Подал голос Пригодин:
— Наркоту впервые видим. Сами подкинули.
— Умней всех? Не прокатит! Попали вы, ребята, крепко. Еще в Переславле вашу подружку Ксюшу возьмем, поговорим о «пикнике» на лесном озере. Но главное, от наркоты вам не отвертеться. А это, ребята, срок!

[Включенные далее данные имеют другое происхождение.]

(* Let $(\mathcal{H},L)$ have the uniform convergence property with respect to $\mathcal{D}$, with uniform convergence function $f$, let $\varepsilon>0$, $\alpha>0$, and assume $\Pr[\widehat{\Theta}_S^\varepsilon\neq\varnothing]>0$. (i) If the risk minimizer $\theta_0\in\arg\min_\Theta R$ exists, then $(\mathcal{H},L)$ is valid at level $\alpha$ and tolerance $\varepsilon$ whenever $m\ge f(\varepsilon/2,\alpha)$. (ii) If the risk minimizer does not exist, then $(\mathcal{H},L)$ is valid at level $\alpha$ and tolerance $\varepsilon$ whenever $m\ge\inf_{0<\delta<\varepsilon}f((\varepsilon-\delta)/2,\alpha)$.
   Context: Setting: data are i.i.d. from a distribution $\mathcal{D}$ on $\mathcal{X}\times\mathcal{Y}$; $\mathcal{H}=\{x\mapsto h(x;\theta)\mid\theta\in\Theta\}$ with $\Theta$ a topological space, $L:\mathcal{Y}\times\mathcal{Y}\to\mathbb{R}$ a loss; risk $R(\theta)=\mathbb{E}_{\mathcal{D}}[L(h(X;\theta),Y)]$ (finite), empirical risk $\widehat{R}_S(\theta)=\frac1m\sum_{i=1}^mL(h(X_i;\theta),Y_i)$ for $S\sim\mathcal{D}^m$. All events are assumed measurable. Uniform convergence property: there is $w:\mathbb{R}^+\times\mathbb{R}^+\to\mathbb{R}$ (a ''witness'') such that for all $\varepsilon,\alpha>0$ and integers $m\ge w(\varepsilon,\alpha)$, $\Pr_{S\sim\mathcal{D}^m}[\sup_{\theta}|R(\theta)-\widehat{R}_S(\theta)|\le\varepsilon]\ge1-\alpha$; the uniform convergence function is $f(\varepsilon,\alpha)=\inf_{w}\lceil w(\varepsilon,\alpha)\rceil$ over all witnesses $w$. $\widehat{\Theta}_S^\varepsilon=\{\theta\mid\widehat{R}_S(\theta)\le\inf_\vartheta\widehat{R}_S(\vartheta)+\varepsilon\}$, $\Theta_0^\delta=\{\theta\mid R(\theta)\le\inf_\vartheta R(\vartheta)+\delta\}$. The $\varepsilon$-plausibility of a Borel set $A\subseteq\Theta$ is $\mathrm{pl}_\varepsilon(A)=\Pr_{S\sim\mathcal{D}^m}[\widehat{\Theta}_S^\varepsilon\cap A\ne\varnothing\mid\widehat{\Theta}_S^\varepsilon\ne\varnothing]$. Validity: at a fixed sample size $m$, $(\mathcal{H},L)$ is valid at level $\alpha$ and tolerance $\varepsilon$ if for every Borel set $A\subseteq\Theta$ for which there exists $\delta\ge0$ with $\Theta_0^\delta\subseteq A$ and $\Theta_0^\delta\neq\varnothing$, one has $\mathrm{pl}_\varepsilon(A)\ge1-\alpha$. *)

From mathcomp Require Import all_boot all_order all_algebra.
From mathcomp Require Import all_classical all_reals all_analysis.
Import Order.TTheory GRing.Theory Num.Theory.

Set Implicit Arguments.
Unset Strict Implicit.
Unset Printing Implicit Defensive.

Local Open Scope classical_set_scope.
Local Open Scope ring_scope.

(* Setting: data z = (x, y) in X * Y drawn from D; hypothesis h : X -> Theta -> Y
   (h x theta = h(x; theta)); loss L : Y -> Y -> R. *)

Definition lossAt (X Y Th : Type) (R : realType)
  (h : X -> Th -> Y) (L : Y -> Y -> R) (th : Th) (z : X * Y) : R :=
  L (h z.1 th) z.2.

(* Risk R(theta) = E_D[L(h(X;theta),Y)] (real-valued; finiteness is a hypothesis). *)
Definition risk (dX dY : measure_display) (X : measurableType dX)
  (Y : measurableType dY) (Th : Type) (R : realType)
  (D : probability (X * Y)%type R) (h : X -> Th -> Y) (L : Y -> Y -> R)
  (th : Th) : R :=
  Rintegral D setT (lossAt h L th).

Definition emp_risk (X Y Th : Type) (R : realType) (m : nat)
  (h : X -> Th -> Y) (L : Y -> Y -> R) (S : m.-tuple (X * Y)) (th : Th) : R :=
  (m%:R)^-1 * \sum_(i < m) lossAt h L th (tnth S i).

Definition emp_argmin (X Y Th : Type) (R : realType) (m : nat)
  (h : X -> Th -> Y) (L : Y -> Y -> R) (S : m.-tuple (X * Y)) (eps : R)
  : set Th :=
  [set th | ((emp_risk h L S th)%:E <=
             ereal_inf (range (fun t => (emp_risk h L S t)%:E)) + eps%:E)%E].

Definition risk_argmin (Th : Type) (R : realType) (Rk : Th -> R) (d : R)
  : set Th :=
  [set th | ((Rk th)%:E <= ereal_inf (range (fun t => (Rk t)%:E)) + d%:E)%E].

Definition unif_dev (X Y Th : Type) (R : realType) (m : nat)
  (h : X -> Th -> Y) (L : Y -> Y -> R) (Rk : Th -> R) (S : m.-tuple (X * Y))
  : \bar R :=
  ereal_sup (range (fun th => (`|Rk th - emp_risk h L S th|)%:E)).

(* P m is (a version of) the product probability D^m on samples of size m:
   it agrees with prod_i D(A_i) on all measurable rectangles (which
   determines it uniquely on the product sigma-algebra). *)
Definition is_product_prob (dX dY : measure_display) (X : measurableType dX)
  (Y : measurableType dY) (R : realType) (D : probability (X * Y)%type R)
  (m : nat) (Pm : probability (m.-tuple (X * Y)%type) R) : Prop :=
  forall A : 'I_m -> set (X * Y),
    (forall i, measurable (A i)) ->
    Pm [set S | forall i, A i (tnth S i)] = (\prod_(i < m) D (A i))%E.

Definition Pr (d : measure_display) (T : measurableType d) (R : realType)
  (P : probability T R) (E : set T) : R := fine (P E).

Definition uc_witness (dX dY : measure_display) (X : measurableType dX)
  (Y : measurableType dY) (Th : Type) (R : realType)
  (P : forall m : nat, probability (m.-tuple (X * Y)%type) R)
  (h : X -> Th -> Y) (L : Y -> Y -> R) (Rk : Th -> R) (w : R -> R -> R) : Prop :=
  forall eps alpha : R, 0 < eps -> 0 < alpha ->
  forall m : nat, (0 < m)%N -> w eps alpha <= m%:R ->
    1 - alpha <= Pr (P m) [set S | (unif_dev h L Rk S <= eps%:E)%E].

Definition uniform_convergence (dX dY : measure_display) (X : measurableType dX)
  (Y : measurableType dY) (Th : Type) (R : realType)
  (P : forall m : nat, probability (m.-tuple (X * Y)%type) R)
  (h : X -> Th -> Y) (L : Y -> Y -> R) (Rk : Th -> R) : Prop :=
  exists w, uc_witness P h L Rk w.

Definition uc_function (dX dY : measure_display) (X : measurableType dX)
  (Y : measurableType dY) (Th : Type) (R : realType)
  (P : forall m : nat, probability (m.-tuple (X * Y)%type) R)
  (h : X -> Th -> Y) (L : Y -> Y -> R) (Rk : Th -> R) (eps alpha : R) : \bar R :=
  ereal_inf [set ((Num.ceil (w eps alpha))%:~R)%:E
            | w in [set w | uc_witness P h L Rk w]].

Definition Borel (Th : topologicalType) (A : set Th) : Prop :=
  <<s (@open Th) >> A.

Definition plausibility (dX dY : measure_display) (X : measurableType dX)
  (Y : measurableType dY) (Th : Type) (R : realType) (m : nat)
  (Pm : probability (m.-tuple (X * Y)%type) R)
  (h : X -> Th -> Y) (L : Y -> Y -> R) (eps : R) (A : set Th) : R :=
  Pr Pm [set S | emp_argmin h L S eps `&` A !=set0 /\ emp_argmin h L S eps !=set0]
  / Pr Pm [set S | emp_argmin h L S eps !=set0].

Definition valid (dX dY : measure_display) (X : measurableType dX)
  (Y : measurableType dY) (Th : topologicalType) (R : realType) (m : nat)
  (Pm : probability (m.-tuple (X * Y)%type) R)
  (h : X -> Th -> Y) (L : Y -> Y -> R) (Rk : Th -> R) (alpha eps : R) : Prop :=
  forall A : set Th, Borel A ->
    (exists d : R, 0 <= d /\ risk_argmin Rk d `<=` A /\ risk_argmin Rk d !=set0) ->
    1 - alpha <= plausibility Pm h L eps A.

(* "All events are assumed measurable": the events used in the statement. *)
Definition events_measurable (dX dY : measure_display) (X : measurableType dX)
  (Y : measurableType dY) (Th : topologicalType) (R : realType)
  (h : X -> Th -> Y) (L : Y -> Y -> R) (Rk : Th -> R) : Prop :=
  forall (m : nat) (eps : R),
    measurable [set S : m.-tuple (X * Y)%type | (unif_dev h L Rk S <= eps%:E)%E] /\
    measurable [set S : m.-tuple (X * Y)%type | emp_argmin h L S eps !=set0] /\
    (forall A : set Th, Borel A ->
      measurable [set S : m.-tuple (X * Y)%type |
                   emp_argmin h L S eps `&` A !=set0 /\ emp_argmin h L S eps !=set0]).

From mathcomp Require Import all_boot all_order all_algebra.
From mathcomp Require Import all_classical all_reals all_analysis.
From mathcomp Require Import lra.
Import Order.TTheory GRing.Theory Num.Theory.

Set Implicit Arguments.
Unset Strict Implicit.
Unset Printing Implicit Defensive.

Local Open Scope classical_set_scope.
Local Open Scope ring_scope.

(* Call [th] a [d]-near minimiser of the risk when R(th) <= R(t) + d for all t.
   The deterministic heart of the argument: on a sample S whose uniform
   deviation sup_t |R(t) - R_S(t)| is at most e, every d-near minimiser lies
   in the empirical eps-argmin as soon as 2e + d <= eps.  Hence, if every
   admissible set A (one containing a nonempty Theta_0^delta) contains a
   d-near minimiser, the event {dev <= e} is included in the event
   {hat Theta_S^eps meets A}, and the plausibility of A is at least
   Pr[dev <= e] >= 1 - alpha, the last bound coming from any uniform
   convergence witness below the sample size.
   (i)  An exact risk minimiser is a 0-near minimiser lying in every
        Theta_0^delta; take e = eps/2.
   (ii) Otherwise, for each d in (0, eps) a nonempty Theta_0^delta always
        contains a d-near minimiser; take e = (eps - d)/2 for a d realising
        the infimum over d up to one unit of sample size. *)

Definition near_minimizer (Th : Type) (R : realType) (Rk : Th -> R) (d : R)
  (th : Th) : Prop :=
  forall t, Rk th <= Rk t + d.

Section NearMinimizers.
Variables (Th : Type) (R : realType) (Rk : Th -> R).

Local Notation inf_Rk := (ereal_inf (range (fun t => (Rk t)%:E))).

Lemma inf_Rk_le t : (inf_Rk <= (Rk t)%:E)%E.
Proof. by apply: ereal_inf_lbound; exists t. Qed.

Lemma near_minimizer_risk_argmin d delta th :
  near_minimizer Rk d th -> d <= delta -> risk_argmin Rk delta th.
Proof.
move=> near le_d; rewrite /risk_argmin /=.
have lb : ((Rk th - d)%:E <= inf_Rk)%E.
  by apply/ereal_infP => _ [t _ <-]; rewrite lee_fin lerBlDr.
have d_le : (d%:E <= delta%:E)%E by rewrite lee_fin.
by apply: le_trans (leeD lb d_le); rewrite -EFinD subrK.
Qed.

(* A nonempty Theta_0^delta contains a [d]-near minimiser for every d > 0:
   if delta <= d any of its points works, otherwise take a point whose
   risk is within d of the infimum. *)
Lemma risk_argmin_near_minimizer delta d :
  0 < d -> risk_argmin Rk delta !=set0 ->
  exists2 th, risk_argmin Rk delta th & near_minimizer Rk d th.
Proof.
move=> d0 [th1 th1_in]; move: (th1_in); rewrite /risk_argmin /=.
have := inf_Rk_le th1.
case inf_eq : inf_Rk => [r| |] //= r_le; rewrite -EFinD !lee_fin in r_le *.
have r_lb t : r <= Rk t by rewrite -lee_fin -inf_eq inf_Rk_le.
move=> th1_le; have [delta_le|d_lt] := leP delta d.
  by exists th1 => // t; have := r_lb t; lra.
have [t t_lt] : exists t, Rk t < r + d.
  apply/not_existsP => no_t.
  suff : ((r + d)%:E <= inf_Rk)%E by rewrite inf_eq lee_fin; lra.
  by apply/ereal_infP => _ [t _ <-]; rewrite lee_fin leNgt; apply/negP/no_t.
exists t; first by rewrite /risk_argmin /= lee_fin; lra.
by move=> t'; have := r_lb t'; lra.
Qed.

End NearMinimizers.

Lemma near_minimizer_emp_argmin (X Y Th : Type) (R : realType) (m : nat)
  (h : X -> Th -> Y) (L : Y -> Y -> R) (Rk : Th -> R) (S : m.-tuple (X * Y))
  (th : Th) (e d eps : R) :
  near_minimizer Rk d th -> (unif_dev h L Rk S <= e%:E)%E ->
  2 * e + d <= eps -> emp_argmin h L S eps th.
Proof.
move=> near dev_le ed_le.
have dev_t t : `|Rk t - emp_risk h L S t| <= e.
  rewrite -lee_fin; apply: le_trans dev_le.
  by apply: ereal_sup_ubound; exists t.
rewrite /emp_argmin /=.
rewrite -[emp_risk _ _ _ _](subrK eps) EFinD leeD2r //.
apply/ereal_infP => _ [t _ <-]; rewrite lee_fin.
have := dev_t th; have := dev_t t; have := near t.
rewrite !ler_norml => ? /andP[? ?] /andP[? ?]; lra.
Qed.

Lemma Pr_le_conditional (d : measure_display) (T : measurableType d)
  (R : realType) (Pm : probability T R) (G E N : set T) :
  measurable G -> measurable E -> measurable N -> G `<=` E ->
  0 < Pr Pm N -> Pr Pm G <= Pr Pm E / Pr Pm N.
Proof.
move=> mG mE mN GE N_gt0.
have PrGE : Pr Pm G <= Pr Pm E.
  by apply: fine_le; rewrite ?fin_num_measure //; apply: le_measure; rewrite ?inE.
have PrN_le1 : Pr Pm N <= 1.
  by rewrite -[1]/(fine 1%E); apply: fine_le; rewrite ?fin_num_measure ?probability_le1.
have PrE_ge0 : 0 <= Pr Pm E by apply/fine_ge0/measure_ge0.
apply: (le_trans PrGE); rewrite ler_pdivlMr //; rewrite -[leRHS]mulr1.
exact: ler_wpM2l.
Qed.

Section Validity.
Variables (dX dY : measure_display) (X : measurableType dX)
  (Y : measurableType dY) (Th : topologicalType) (R : realType)
  (P : forall m : nat, probability (m.-tuple (X * Y)%type) R)
  (h : X -> Th -> Y) (L : Y -> Y -> R) (Rk : Th -> R).

(* If the uniform convergence function at (e, alpha) is below m + 1, some
   witness is below m, so the deviation event has probability >= 1 - alpha. *)
Lemma uc_function_deviation_bound e alpha (m : nat) :
  0 < e -> 0 < alpha -> (0 < m)%N ->
  (uc_function P h L Rk e alpha < (m%:R + 1)%:E)%E ->
  1 - alpha <= Pr (P m) [set S | (unif_dev h L Rk S <= e%:E)%E].
Proof.
move=> e0 alpha0 m0; case/ereal_inf_lt => _ [w w_uc <-]; rewrite lte_fin => w_lt.
apply: (w_uc _ _ e0 alpha0 m m0); apply: le_trans (Num.Theory.ceil_ge _) _.
have : Num.ceil (w e alpha) < m%:Z + 1.
  by rewrite -(ltr_int R) intrD.
by rewrite ltzD1 -(ler_int R).
Qed.

Lemma valid_of_near_minimizers (m : nat) (alpha eps e d : R) :
  events_measurable h L Rk -> 2 * e + d <= eps ->
  1 - alpha <= Pr (P m) [set S | (unif_dev h L Rk S <= e%:E)%E] ->
  0 < Pr (P m) [set S | emp_argmin h L S eps !=set0] ->
  (forall A : set Th, Borel A ->
     (exists delta : R, 0 <= delta /\ risk_argmin Rk delta `<=` A /\
                        risk_argmin Rk delta !=set0) ->
     exists2 th, A th & near_minimizer Rk d th) ->
  valid (P m) h L Rk alpha eps.
Proof.
move=> meas ed_le dev_likely N_gt0 near_in A A_borel A_adm.
have [th A_th near] := near_in A A_borel A_adm.
have [mG _] := meas m e; have [_ [mN mE]] := meas m eps.
apply: (le_trans dev_likely); apply: (Pr_le_conditional mG (mE A A_borel) mN) => // S dev_le.
have th_in := near_minimizer_emp_argmin near dev_le ed_le.
by split; exists th.
Qed.

End Validity.

Theorem mainTheorem4
  (dX dY : measure_display) (X : measurableType dX) (Y : measurableType dY)
  (Th : topologicalType) (R : realType)
  (D : probability (X * Y)%type R)
  (P : forall m : nat, probability (m.-tuple (X * Y)%type) R)
  (h : X -> Th -> Y) (L : Y -> Y -> R)
  (hP : forall m : nat, is_product_prob D (P m))
  (hint : forall th : Th, D.-integrable setT (fun z => (lossAt h L th z)%:E))
  (hmeas : events_measurable h L (risk D h L))
  (huc : uniform_convergence P h L (risk D h L))
  (eps alpha : R) (heps : 0 < eps) (halpha : 0 < alpha) :
  ((exists th0 : Th, forall th : Th, risk D h L th0 <= risk D h L th) ->
     forall m : nat, (0 < m)%N ->
     (uc_function P h L (risk D h L) (eps / 2) alpha <= (m%:R)%:E)%E ->
     0 < Pr (P m) [set S | emp_argmin h L S eps !=set0] ->
     valid (P m) h L (risk D h L) alpha eps)
  /\
  (~ (exists th0 : Th, forall th : Th, risk D h L th0 <= risk D h L th) ->
     forall m : nat, (0 < m)%N ->
     (ereal_inf [set uc_function P h L (risk D h L) ((eps - d) / 2) alpha
                | d in [set d : R | (0 < d < eps)%R] ] <= (m%:R)%:E)%E ->
     0 < Pr (P m) [set S | emp_argmin h L S eps !=set0] ->
     valid (P m) h L (risk D h L) alpha eps).
Proof.
set Rk := risk D h L.
have below_succ (m : nat) (x : \bar R) : (x <= (m%:R)%:E)%E -> (x < (m%:R + 1)%:E)%E.
  by move=> x_le; apply: le_lt_trans x_le _; rewrite lte_fin ltrDl.
split.
- move=> [th0 th0_min] m m0 f_le N_gt0.
  have near0 : near_minimizer Rk 0 th0 by move=> t; rewrite addr0.
  apply: (valid_of_near_minimizers (e := eps / 2) (d := 0)) => //.
  + by rewrite addr0 mulrC divfK ?pnatr_eq0.
  + by apply: uc_function_deviation_bound; rewrite ?divr_gt0 ?below_succ.
  + move=> A _ [delta [delta0 [sub _]]]; exists th0 => //.
    exact/sub/(near_minimizer_risk_argmin near0).
- move=> _ m m0 /below_succ /ereal_inf_lt[_ [d /andP[d0 d_lt] <-]] f_lt N_gt0.
  apply: (valid_of_near_minimizers (e := (eps - d) / 2) (d := d)) => //.
  + by rewrite mulrC divfK ?pnatr_eq0 // subrK.
  + by apply: uc_function_deviation_bound; rewrite ?divr_gt0 ?subr_gt0.
  + move=> A _ [delta [_ [sub nonempty]]].
    have [th th_in near] := risk_argmin_near_minimizer d0 nonempty.
    by exists th => //; apply: sub.
Qed.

Николай повернулся к Головко:
— Забирай их, Степан, и вези в отдел! Вместе с уликами! И не миндальничай с ними. Начнут бузить — из ствола по ляжкам. Успокоятся. А мы, — Николай взглянул на Тихонка, — давай загоним «БМВ» под навес к «УАЗу». Ты ж, дед Потап, брезент принеси, он за пожарным щитом. Прикроем иномарку.
Старшина загрузил в «девятку» связанных бандитов, вызвал к паромной переправе дежурный наряд отдела, попрощался со всеми и повел машину к реке.
Николай с Тихоном не без труда, но загнали-таки «БМВ» под навес, накрыли машину брезентом. Рудин передал Горшкову пленку.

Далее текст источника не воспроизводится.